Lasso and OLS model MSE: 4.812297241276237


#### Random Forest Regression 🌳
Next, we train a Random Forest Regressor, a powerful ensemble model that combines multiple decision trees to improve prediction accuracy.

- To find the best configuration, we use Randomized Search Cross-Validation to tune the model's hyperparameters, specifically n_estimators (number of trees) and max_depth (the maximum depth of each tree).

- After identifying the best hyperparameters, we train the final Random Forest model and calculate its Mean Squared Error (MSE) on the test set.

In [62]:
# Random forest hyperparameter space
param_dist = {'n_estimators': np.arange(1, 101, 1),
              'max_depth': np.arange(1, 11, 1)}

# Create a random forest regressor
rf = RandomForestRegressor(random_state=9)

# Use random search to find the best hyperparameters
rand_search = RandomizedSearchCV(rf,
                                 param_distributions=param_dist,
                                 cv=5,
                                 random_state=9)

# Fit the random search object to the data
rand_search.fit(X_train, y_train)

# Create a variable for the best hyper param
hyper_params = rand_search.best_params_

# Run the random forest on the chosen hyper parameters
rf = RandomForestRegressor(n_estimators=hyper_params["n_estimators"],
                             max_depth=hyper_params["max_depth"],
                             random_state=9)
rf.fit(X_train, y_train)
rf_pred = rf.predict(X_test)
mse_random_forest = mean_squared_error(y_test, rf_pred)

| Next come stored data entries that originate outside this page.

Theorem corollary1 :
  (* k = o(sqrt n)  ==>  r_B(n,k) = O(n^(2/3) k^(5/3)), written as
     r^3 <= C n^2 k^5 *)
  (forall kf : nat -> nat,
     (forall m : nat, (0 < m)%N ->
        exists N0 : nat, forall n : nat, (N0 <= n)%N -> (m * kf n ^ 2 <= n)%N) ->
     exists C N0 : nat, forall n : nat, (N0 <= n)%N ->
       exists r : nat, batch_code_with_redundancy n (kf n) r /\
                       (r ^ 3 <= C * n ^ 2 * kf n ^ 5)%N)
  /\
  (* in particular r_B(n, n^eps) = O(n^(2/3 + 5 eps/3)) for 0 < eps < 1/2 *)
  (forall eps : R, Rlt 0 eps /\ Rlt eps one_half ->
     exists (C : R) (N0 : nat), forall n : nat, (N0 <= n)%N ->
       exists r : nat, batch_code_with_redundancy n (floor_pow n eps) r /\
         Rle (INR r) (Rmult C (Rpower (INR n) (cor_exponent eps)))).
Proof.
split; last exact: batch_code_floor_pow_redundancy.
move=> kf kf_small; have [N0 kfN0] := kf_small 1%N isT.
exists (32 ^ 3)%N, N0 => n n_ge; apply: batch_code_redundancy.
by rewrite -[kf n ^ 2]mul1n; apply: kfN0.
Qed.
(* Let $q$ be a power of $2$, $s\ge2$, and $n\ge s$ integers with $d_{\max\text{-}iso}(q;[n,s])\ge1$; let $\pi:\mathbb{F}_{q^s}\to\mathbb{F}_q^n$ be an isometry whose image $\pi(\mathbb{F}_{q^s})$ is an $[n,s,d]_q$ code with $d=d_{\max\text{-}iso}(q;[n,s])$. Let $a,b\in\mathbb{F}_{q^s}$ with $b\neq0$ and let $N\ge2$. Let $r\ge0$ be such that $2^r$ divides $N+1$ but $2^{r+1}$ does not, let $N+1=2^r(m+1)$, and let $\theta\in\overline{\mathbb{F}}_q$ be a primitive $(m+1)$-th root of unity. Assume: if $r=0$, then $a/b\notin\{1/b+\theta^i+\theta^{-i}:1\le i\le m/2\}$; if $r\ge1$ and $m=0$, then $a\ne1$; if $r\ge1$ and $m\ge1$, then $a/b\notin\{1/b\}\cup\{1/b+\theta^i+\theta^{-i}:1\le i\le m/2\}$. Then $\pi^{\otimes 2N}(\hat C_N(a,b))$ is an LCD code over $\mathbb{F}_q$ with parameters $[2nN,sN,D^*]_q$, where $D^*\ge dD$ and $D$ is the minimum distance of $\hat C_N(a,b)$.
   Context: For a field $K$, $a,b\in K$ and $N\ge 2$, $\hat T_N(a,b)$ is the $N\times N$ symmetric tridiagonal Toeplitz matrix with diagonal entries $a$, first super- and sub-diagonal entries $b$, other entries $0$; $\hat C_N(a,b)$ is the $[2N,N]$ linear code over $K$ (here $K=\mathbb{F}_{q^s}$) with generator matrix $[I_N\mid\hat T_N(a,b)]$. A linear code $C$ is LCD if $C\cap C^\perp=\{0\}$ (Euclidean dual). An $\mathbb{F}_q$-linear map $\pi:\mathbb{F}_{q^s}\to\mathbb{F}_q^n$ ($n\ge s\ge2$) is an isometry if there is an $\mathbb{F}_q$-basis $(e_1,\dots,e_s)$ of $\mathbb{F}_{q^s}$ with trace-dual basis $(e'_1,\dots,e'_s)$ such that $\pi(e_i)\cdot\pi(e'_j)=\delta_{ij}$ for all $i,j$ (standard inner product on $\mathbb{F}_q^n$). $d_{\max\text{-}iso}(q;[n,s])$ is the largest $d$ such that some isometry $\pi:\mathbb{F}_{q^s}\to\mathbb{F}_q^n$ has image $\pi(\mathbb{F}_{q^s})$ (an $[n,s]_q$ code) of minimum distance $d$. The map $\pi^{\otimes 2N}:\mathbb{F}_{q^s}^{2N}\to\mathbb{F}_q^{2Nn}$ is $(c_1,\dots,c_{2N})\mapsto(\pi(c_1),\dots,\pi(c_{2N}))$. *)

From HB Require Import structures.
From mathcomp Require Import all_boot all_order all_algebra all_field.
Set Implicit Arguments. Unset Strict Implicit. Unset Printing Implicit Defensive.
Import GRing.Theory.
Local Open Scope ring_scope.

print(f"Random Forest model MSE: {mse_random_forest}")
print(f"Best hyperparameters found: {hyper_params}")

Random Forest model MSE: 2.225667528098759
Best hyperparameters found: {'n_estimators': 51, 'max_depth': 10}


#### 4. Model Comparison and Conclusion ✅
Finally, we compare the performance of the two approaches based on their MSE scores. The model with the lower MSE is considered the better-performing model.

In [6]:
# Compare the MSE scores
if mse_random_forest < mse_lin_reg_lasso:
    best_model = "Random Forest Regressor"
    best_mse = mse_random_forest
else:
    best_model = "Lasso + OLS Regression"
    best_mse = mse_lin_reg_lasso

print(f"The best model is the {best_model} with an MSE of {round(best_mse, 3)}.")

The best model is the Random Forest Regressor with an MSE of 2.226.


### Future Enhancements 💡

- Explore more advanced feature engineering, such as incorporating movie genres, audience ratings, or director information.

- Experiment with other regression models (e.g., Gradient Boosting, XGBoost, Support Vector Regressor).

- Perform more extensive hyperparameter tuning using GridSearchCV if computational resources allow.

- Implement cross-validation more broadly across all models for a more robust evaluation.

- Visualize the residuals and actual vs. predicted values to gain deeper insights into model performance.